No hay ninguna relación de alteridad. Las dudas más
íntimas no pueden ser compartidas con nadie. No hay otro que me permita ser yo
o me ayude sino un conjunto de presencias sin espesor humano.
Si en Sin novedad
en el frente las identidades son siempre lo que confiere la carga
destructora a la guerra que en cualquier momento puede aniquilar a algo que es
único y se perderá, en El rojo emblema
del valor los soldados son lo contrario:
“Al correr, se mezcló con otros. Borrosamente veía
hombres a su derecha y a su izquierda y oía pasos tras de sí y creyó que todo
el regimiento huía perseguido por choques siniestros” (cap. 6, pág. 67).

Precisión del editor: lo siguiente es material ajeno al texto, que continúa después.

(* Let $h\ge r$ be positive integers and let $0<\beta<1$ be a real. There is a positive real $\alpha$ depending on $h,r,\beta$ such that the following holds. Let $G$ be any graph on $n$ vertices and let $p=p_r(G)$. For $i,j\in[h]$ let $\mathcal{A}_{i,j}$ denote the set of $i$-good sequences of length $j$ relative to $(\alpha,\beta,h,r)$ in $V(G)$. Then for each $i\in[h]$ and $r\le j\le h$, \[\sum_{S\in\mathcal{A}_{i,j}}|N(S)|^r\geq (1-\beta)\,n^{j+r}p^{jr}.\] In particular, there exists an $i$-good sequence $S$ of length $j$ such that $|N(S)|\ge(1-\beta)^{1/r}p^j n$.
   Context: All graphs are finite and simple. For a positive integer $r$, $p_r(G)=t_{K_{1,r}}(G)^{1/r}=\frac1n\left(\frac1n\sum_{v\in V(G)}d(v)^r\right)^{1/r}$ where $n=|G|$. A sequence in a set $W$ is a finite sequence of elements of $W$ (repetitions allowed); its length $|S|$ counts multiplicity; $W^k$ denotes the set of sequences of length $k$ in $W$. For a sequence $S$ in $V(G)$, $N(S)$ is the set of vertices adjacent to every vertex of $S$. Goodness: fix reals $0<\alpha,\beta<1$ and positive integers $h,r$, and let $p=p_r(G)$. A sequence $T$ in $V(G)$ is $0$-good if $|N(T)|\ge\alpha p^{|T|}n$. For $1\le i\le h$, a sequence $S$ in $V(G)$ of length at most $h$ is $i$-good if $S$ is $0$-good and for each $|S|\le k\le h$, the number of $(i-1)$-good sequences in $N(S)^k$ is at least $(1-\beta)|N(S)|^k$. These are called $i$-good relative to $(\alpha,\beta,h,r)$. *)

From HB Require Import structures.
From mathcomp Require Import all_boot all_order all_algebra.
From mathcomp Require Import reals exp.
Set Implicit Arguments. Unset Strict Implicit. Unset Printing Implicit Defensive.
Import Order.TTheory GRing.Theory Num.Theory.
Local Open Scope ring_scope.

(* A finite simple graph: vertex set T (a finType), adjacency e : rel T,
   assumed symmetric and irreflexive in the theorem. *)

Definition deg (T : finType) (e : rel T) (v : T) : nat := #|[set u | e v u]|.

Definition p_r (R : realType) (T : finType) (e : rel T) (r : nat) : R :=
  (#|T|%:R)^-1 *
  powR ((#|T|%:R)^-1 * \sum_(v : T) (deg e v)%:R ^+ r) (r%:R^-1).

Definition nbhd (T : finType) (e : rel T) (S : seq T) : {set T} :=
  [set v | all (fun u => e u v) S].
Lemma countable_set_bigcup (I V : Type) (D : I -> Prop) (F : I -> V -> Prop) :
  countable_set D -> (forall i, D i -> countable_set (F i)) ->
  countable_set (fun x => exists i, D i /\ F i x).
Proof.
  intros [g Hg] HF.
  assert (Hcode : forall i, {f : V -> nat |
            D i -> forall x y, F i x -> F i y -> f x = f y -> x = y}).
  { intro i. apply constructive_indefinite_description.
    destruct (classic (D i)) as [Di | nDi].
    - destruct (HF i Di) as [f Hf]. exists f. auto.
    - exists (fun _ => 0). contradiction. }
  exists (fun x => match excluded_middle_informative (exists i, D i /\ F i x) with
           | left h => let i := proj1_sig (constructive_indefinite_description _ h) in
                       to_nat (g i, proj1_sig (Hcode i) x)
           | right _ => 0
           end).
  intros x y Hx Hy E. cbv beta in E.
  destruct (excluded_middle_informative (exists i, D i /\ F i x)) as [hx | ];
    [| contradiction].
  destruct (excluded_middle_informative (exists i, D i /\ F i y)) as [hy | ];
    [| contradiction].
  destruct (constructive_indefinite_description _ hx) as [i [Di Fix]].
  destruct (constructive_indefinite_description _ hy) as [j [Dj Fjy]].
  cbn -[to_nat] in E. apply (f_equal of_nat) in E. rewrite !cancel_of_to in E.
  injection E as Eij Exy. apply Hg in Eij; [subst j | assumption | assumption].
  destruct (Hcode i) as [f Hf]. exact (Hf Di x y Fix Fjy Exy).
Qed.

Section MaximalDisjoint.

Variables (T I : Type) (F : I -> T -> Prop) (E D : I -> Prop).
Hypothesis E_max : classical_sets.maximal_disjoint_subcollection F E D.

Lemma maximal_disjoint_sub i : E i -> D i.
Proof. destruct E_max as [ED _ _]. exact (ED i). Qed.

Lemma maximal_disjoint_eq i j z : E i -> E j -> F i z -> F j z -> i = j.
Proof.
  destruct E_max as [_ Etriv _]. intros Ei Ej Fiz Fjz.
  apply (Etriv i j Ei Ej). exists z. split; assumption.
Qed.

Lemma maximal_disjoint_mem i :
  D i -> (forall j z, E j -> F i z -> F j z -> False) -> E i.
Proof.
  destruct E_max as [ED Etriv Emax]. intros Di Hdisj.
  apply NNPP. intro nEi.
  apply (Emax (fun j => E j \/ j = i)).
  - split; [intros j Ej; left; exact Ej |].
    intro Hsub. exact (nEi (Hsub i (or_intror eq_refl))).
  - intros j [Ej | ->]; [exact (ED j Ej) | exact Di].
  - intros j k Hj Hk [z [Fjz Fkz]].
    destruct Hj as [Ej | ->], Hk as [Ek | ->].
    + exact (Etriv j k Ej Ek (ex_intro _ z (conj Fjz Fkz))).
    + destruct (Hdisj j z Ej Fkz Fjz).
    + destruct (Hdisj k z Ek Fjz Fkz).
    + reflexivity.
Qed.

End MaximalDisjoint.

Lemma card_le_of_rel (S T : Type) (X : S -> Prop) (Y : T -> Prop) (R : S -> T -> Prop) :
  (forall x, X x -> exists y, Y y /\ R x y) ->
  (forall x x' y, X x -> X x' -> R x y -> R x' y -> x = x') ->
  card_le X Y.
Proof.
  intros Htot Hinj.
  assert (Himg : forall s : {x | X x}, {y | Y y /\ R (proj1_sig s) y}).
  { intros [x Xx]. apply constructive_indefinite_description. exact (Htot x Xx). }
  exists (fun s => exist Y (proj1_sig (Himg s)) (proj1 (proj2_sig (Himg s)))).
  intros u v E. apply (f_equal (@proj1_sig _ _)) in E. simpl in E.
  destruct (Himg u) as [y [Yy Ruy]], (Himg v) as [y' [Yy' Rvy]]. simpl in E. subst y'.
  apply eq_sig_hprop; [intros; apply proof_irrelevance |].
  exact (Hinj _ _ y (proj2_sig u) (proj2_sig v) Ruy Rvy).
Qed.
Lemma A_sigma1_le_expectation h {x} : 0 <= x ->
  (P (A_sigma1 xi sigma h x) <=
    \int[P]_t ext_time sigma t * (1 - F (x - h x))%:E)%E.
Proof.
move=> x0; rewrite expectation_sigma_series.
pose B n := sigma_ge n.+1 `&` xi n.+1 @^-1` `]x - h x, +oo[.
have mB n : measurable (B n).
  exact/measurableI/measurable_jump_gt/measurable_sigma_ge.
have AB : A_sigma1 xi sigma h x `<=` \bigcup_n B n.
  move=> t [[|n] [[Sx _] [alive Sh]]]; first by move: Sx; rewrite S_0 ltNge x0.
  exists n => //; split => //=; rewrite in_itv /= andbT.
  by move: Sx Sh; rewrite S_S /=; lra.
apply: le_trans (measure_sigma_subadditive _ mB (measurable_A_sigma1 h x) AB) _.
rewrite muleC -nneseriesZl //; apply: lee_nneseries => n _ //.
by rewrite muleC -(indep_tail _ _ (x - h x) (sigma_geS_G n)).
Qed.

Definition exit_by n c := \bigcup_(k in `I_n.+1)
  ([set t | c < S xi k t] `|` [set t | S xi k t < - c]).

Lemma exit_by_G n c : G n (exit_by n c).
Proof.
rewrite GspaceE; apply: bigcup_measurable => k /= kn.
have mS : measurable_fun [set: Gspace n] (S xi k) by apply: measurable_S_G; lia.
by apply: measurableU; [exact: measurable_gt_set mS _ | exact: measurable_lt_set mS _].
Qed.

Lemma measurable_exit_by n c : measurable (exit_by n c).
Proof. exact/G_measurable/exit_by_G. Qed.

Lemma exit_byN_bound n c t k : ~ exit_by n c t -> (k <= n)%N ->
  - c <= S xi k t <= c.
Proof.
move=> out kn; rewrite !leNgt; apply/andP; split; apply/negP => ck; apply: out;
  by exists k; [rewrite /=; lia | rewrite /=; tauto].
Qed.

Lemma exit_by_monotone n m c : (n <= m)%N -> exit_by n c `<=` exit_by m c.
Proof. by move=> nm t [k /= kn ?]; exists k => //=; lia. Qed.

Lemma exit_by_antitone n c c' : c <= c' -> exit_by n c' `<=` exit_by n c.
Proof.
by move=> cc' t [k kn [/= ck|/= ck]]; exists k => //; [left|right]; rewrite /=; lra.
Qed.

Lemma A_sigma1_ge_survival h N {c x : R} : c <= x -> c <= h x ->
  \sum_(n < N) fine (P (sigma_ge n.+1 `\` exit_by n c)) * (1 - F (x + c)) <=
  fine (P (A_sigma1 xi sigma h x)).
Proof.
move=> cx chx.
pose C n := (sigma_ge n.+1 `\` exit_by n c) `&` xi n.+1 @^-1` `]x + c, +oo[.
have GD n : G n (sigma_ge n.+1 `\` exit_by n c).
  by rewrite GspaceE; apply: measurableD; rewrite -GspaceE;
    [exact: sigma_geS_G | exact: exit_by_G].
have mC n : measurable (C n) by exact/measurableI/measurable_jump_gt/G_measurable.
have CA n : C n `<=` first_passage h x n.+1.
  move=> t [[alive /exit_byN_bound inside]] /=; rewrite in_itv /= andbT => jump.
  have /andP[? ?] := inside _ (leqnn n).
  split; [split|split] => //; first by rewrite S_S; lra.
  by move=> k kn; have /andP[_ ?] := inside k (ltnSE kn); lra.
  by lra.
have tC : trivIset `I_N C.
  move=> i j _ _ [t [/CA [[Si lti] _] /CA [[Sj ltj] _]]].
  by case: (ltngtP i j) => // ij; [move: (ltj i.+1) | move: (lti j.+1)];
    rewrite ltnS => /(_ ij); rewrite leNgt ?Si ?Sj.
have -> : \sum_(n < N) fine (P (sigma_ge n.+1 `\` exit_by n c)) * (1 - F (x + c)) =
    fine (P (\big[setU/set0]_(n < N) C n)).
  rewrite measure_semi_additive_ord_I //; last exact: bigsetU_measurable.
  rewrite (eq_bigr (fun n : 'I_N =>
    (fine (P (sigma_ge n.+1 `\` exit_by n c)) * (1 - F (x + c)))%:E)) ?sumEFin //.
  move=> n _; rewrite EFinM fine_measureK; last exact: G_measurable.
  by rewrite -(indep_tail _ _ (x + c) (GD n)).
apply: fine_le_measure; [exact: bigsetU_measurable | exact: measurable_A_sigma1 |].
move=> t Ct; have [n _ /CA ?] := bigsetU_bigcup Ct.
by rewrite A_sigma1E; exists n.+1.
Qed.

Lemma survival_without_exit n N c : (n <= N)%N ->
  fine (P (sigma_ge n.+1)) - fine (P (exit_by N c)) <=
  fine (P (sigma_ge n.+1 `\` exit_by n c)).
Proof.
move=> nN.
have mI : measurable (sigma_ge n.+1 `&` exit_by n c).
  exact/measurableI/measurable_exit_by/measurable_sigma_ge.
have mD : measurable (sigma_ge n.+1 `\` exit_by n c).
  exact/measurableD/measurable_exit_by/measurable_sigma_ge.
have -> : fine (P (sigma_ge n.+1)) = fine (P (sigma_ge n.+1 `\` exit_by n c)) +
    fine (P (sigma_ge n.+1 `&` exit_by n c)).
  by rewrite (measureDI P (measurable_sigma_ge _) (measurable_exit_by n c)) fineD
    ?fin_num_measure.
suff : fine (P (sigma_ge n.+1 `&` exit_by n c)) <= fine (P (exit_by N c)) by lra.
apply: fine_le_measure => //; first exact: measurable_exit_by.
by move=> t [_ /(exit_by_monotone _ _ c nN)].
Qed.

Lemma walk_bounded N t :
  exists c : nat, forall k, (k <= N)%N -> `|S xi k t| <= c%:R.
Proof.
elim: N => [|N [c Sc]].
  by exists (Num.Def.archi_bound `|S xi 0 t|) => k; rewrite leqn0 => /eqP ->;
    exact/ltW/archi_boundP.
exists (maxn c (Num.Def.archi_bound `|S xi N.+1 t|)) => k; rewrite leq_eqVlt.
case/orP => [/eqP ->|kN].
  by apply: le_trans (ltW (archi_boundP _)) _ => //; rewrite ler_nat leq_maxr.
by apply: le_trans (Sc _ kN) _; rewrite ler_nat leq_maxl.
Qed.

Lemma exit_prob_small N {e : R} : 0 < e ->
  exists c : nat, fine (P (exit_by N c.+1%:R)) < e.
Proof.
move=> e0; pose E c := exit_by N c.+1%:R.
have mE c : measurable (E c) by exact: measurable_exit_by.
have E_decr : nonincreasing_seq E.
  by move=> m n mn; apply/asboolP/exit_by_antitone; rewrite ler_nat.
have capE : \bigcap_n E n = set0.
  apply/seteqP; split => t //= Et; have [c Sc] := walk_bounded N t.
  have [k /= kN] := Et c I; have := Sc _ kN; rewrite ler_norml => /andP[? ?].
  have : (c%:R : R) < c.+1%:R by rewrite ltr_nat.
  by case => /=; lra.
have PE0 : (P (E 0%N) < +oo)%E by rewrite -ge0_fin_numE // fin_num_measure.
have := nonincreasing_cvg_mu PE0 mE (bigcapT_measurable mE) E_decr.
rewrite capE measure0 => /fine_cvgP[_ /cvgrPdist_lt /(_ e e0) [c0 _ near0]].
exists c0; have := near0 c0 (leqnn _); rewrite /= sub0r normrN.
exact: le_lt_trans (ler_norm _).
Qed.

Lemma expectation_sigma_approx {E e : R} :
  (\int[P]_t ext_time sigma t)%E = E%:E -> 0 < e ->
  exists N, E - e < \sum_(n < N) fine (P (sigma_ge n.+1)).
Proof.
move=> Esigma e0.
have series_sup : (\sum_(n <oo) P (sigma_ge n.+1) =
    ereal_sup (range (fun n => \sum_(0 <= i < n) P (sigma_ge i.+1))))%E.
  apply/cvg_lim => //; apply: ereal_nondecreasing_cvgn.
  by apply: ereal_nondecreasing_series => n _ _; exact: measure_ge0.
have : ((E - e)%:E <
    ereal_sup (range (fun n => \sum_(0 <= i < n) P (sigma_ge i.+1))))%E.
  by rewrite -series_sup -expectation_sigma_series Esigma lte_fin; lra.
move=> /ereal_sup_gt[_ [N _ <-]] sum_N; exists N.
rewrite -lte_fin; apply: (lt_le_trans sum_N).
rewrite big_mkord -sumEFin le_eqVlt; apply/orP; left; apply/eqP.
by apply: eq_bigr => i _; rewrite fine_measureK //; exact: measurable_sigma_ge.
Qed.

Lemma A_sigma1_ge_eventually h {E e : R} :
  (\int[P]_t ext_time sigma t)%E = E%:E -> 0 < e ->
  exists2 c : R, 0 < c & forall x, c <= x -> c <= h x ->
    (E - e) * (1 - F (x + c)) <= fine (P (A_sigma1 xi sigma h x)).
Proof.
move=> Esigma e0; have e2 : 0 < e / 2 by lra.
have [N sum_N] := expectation_sigma_approx Esigma e2.
have N1 : 0 < N%:R + 1 :> R by rewrite ltr_wpDl.
have [c exit_small] := exit_prob_small N (divr_gt0 e2 N1).
set w := fine (P (exit_by N c.+1%:R)) in exit_small.
have Nw : N%:R * w < e / 2.
  have w0 : 0 <= w by apply: fine_ge0; exact: measure_ge0.
  move: exit_small; rewrite ltr_pdivlMr //; apply: le_lt_trans.
  by rewrite mulrDr mulr1 mulrC lerDl.
exists c.+1%:R => [|x cx chx]; first by rewrite ltr0n.
apply: le_trans _ (A_sigma1_ge_survival h N cx chx).
rewrite -mulr_suml; apply: ler_wpM2r; first exact: tail_ge0.
have : \sum_(n < N) fine (P (sigma_ge n.+1)) - N%:R * w <=
    \sum_(n < N) fine (P (sigma_ge n.+1 `\` exit_by n c.+1%:R)).
  have -> : \sum_(n < N) fine (P (sigma_ge n.+1)) - N%:R * w =
      \sum_(n < N) (fine (P (sigma_ge n.+1)) - w).
    by rewrite sumrB sumr_const card_ord mulr_natl.
  by apply: ler_sum => -[n /= nN] _; apply: survival_without_exit; exact: ltnW.
lra.
Qed.

End random_walk.

Theorem lemma1 (d : measure_display) (T : measurableType d) (R : realType)
  (P : probability T R) (xi : nat -> T -> R) (F : R -> R)
  (G : nat -> set (set T)) (sigma : T -> option nat) (h : R -> R) :
  (* i.i.d. with common distribution function F *)
  mutually_independent P xi ->
  common_cdf P xi F ->
  (* finite negative mean *)
  P.-integrable setT (EFin \o xi 1%N) ->
  (\int[P]_t (xi 1%N t)%:E < 0)%E ->
  (* F long-tailed *)
  (forall x, 0 < 1 - F x) ->
  (forall c, 0 < c ->
     (fun x => (1 - F (x - c)) / (1 - F x)) x @[x --> +oo] --> (1:R)) ->
  (* h : R_+ -> R_+ with (h1)-(h4) *)
  (forall x, 0 <= x -> 0 <= h x) ->
  (forall x, 0 <= x -> h x <= x / 2) ->
  h x @[x --> +oo] --> +oo ->
  (fun x => (1 - F (x - h x)) / (1 - F x)) x @[x --> +oo] --> (1:R) ->
  (exists x0, 0 <= x0 /\ forall x t, x0 <= x -> 0 <= t -> h (x + t) <= h x + t) ->
  (* sigma a stopping time w.r.t. an admissible filtration, E sigma < oo *)
  admissible P xi G ->
  stopping_time G sigma ->
  (\int[P]_t ext_time sigma t < +oo)%E ->
  (fun x => fine (P (A_sigma1 xi sigma h x)) / (1 - F x)) x @[x --> +oo]
    --> fine (\int[P]_t ext_time sigma t).
Proof.
move=> _ cdf _ _ Fbar_gt0 long_tailed _ _ h_oo h3 _ adm st Esigma_fin.
have Esigma_ge0 : (0 <= \int[P]_t ext_time sigma t)%E.
  by apply: integral_ge0 => t _; rewrite /ext_time; case: (sigma t).
have EsigmaE :
    (\int[P]_t ext_time sigma t = (fine (\int[P]_t ext_time sigma t))%:E)%E.
  by rewrite fineK // ge0_fin_numE.
apply: (cvg_ratio_squeeze h3).
  near=> x; have x0 : 0 <= x by near: x; exact: nbhs_pinfty_ge.
  have := A_sigma1_le_expectation cdf adm st h x0.
  rewrite EsigmaE -EFinM -(fine_measureK _ (measurable_A_sigma1 adm st h x)) lee_fin.
  by rewrite mulrA; apply: ler_wpM2r; rewrite ?invr_ge0 ?ltW.
move=> e e0; have [c c0 lower] := A_sigma1_ge_eventually cdf adm st h EsigmaE e0.
exists (fun x => (1 - F (x + c)) / (1 - F x)).
  by have := long_tailed_shift_cvg (fun x => 1 - F x) long_tailed c0; apply.
near=> x; rewrite mulrA; apply: ler_wpM2r; first by rewrite invr_ge0 ltW.
apply: lower; near: x; first exact/nbhs_pinfty_ge/num_real.
by move/cvgryPge : h_oo; apply.
Unshelve. all: by end_near.
Qed.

Al mismo tiempo en que lo humano es desinvestido de
espesor y se encuentra ausente los objetos de destrucción son mostrados en
actitudes “humanas” :
“Mientras marchaba a la cabeza, cruzó un pequeño campo
y se halló en una región azotada por las
granadas. Se lanzaban por encima de su cabeza con gritos prolongados y
salvajes. Al oírlos imaginó que tenían hileras de crueles dientes que le
sonreían. Una vez una de ellas cayó ante él y el relámpago lívido de la
explosión le cerró con efectividad el camino de la dirección escogida” (cap.6,
pág.69)
Las granadas se independizan de la fuerza que las
utiliza, cobran “vida”, parecen lanzarse a sí mismas en lugar de ser lanzadas
por un brazo y esa animación es feroz, cruel y desbocada.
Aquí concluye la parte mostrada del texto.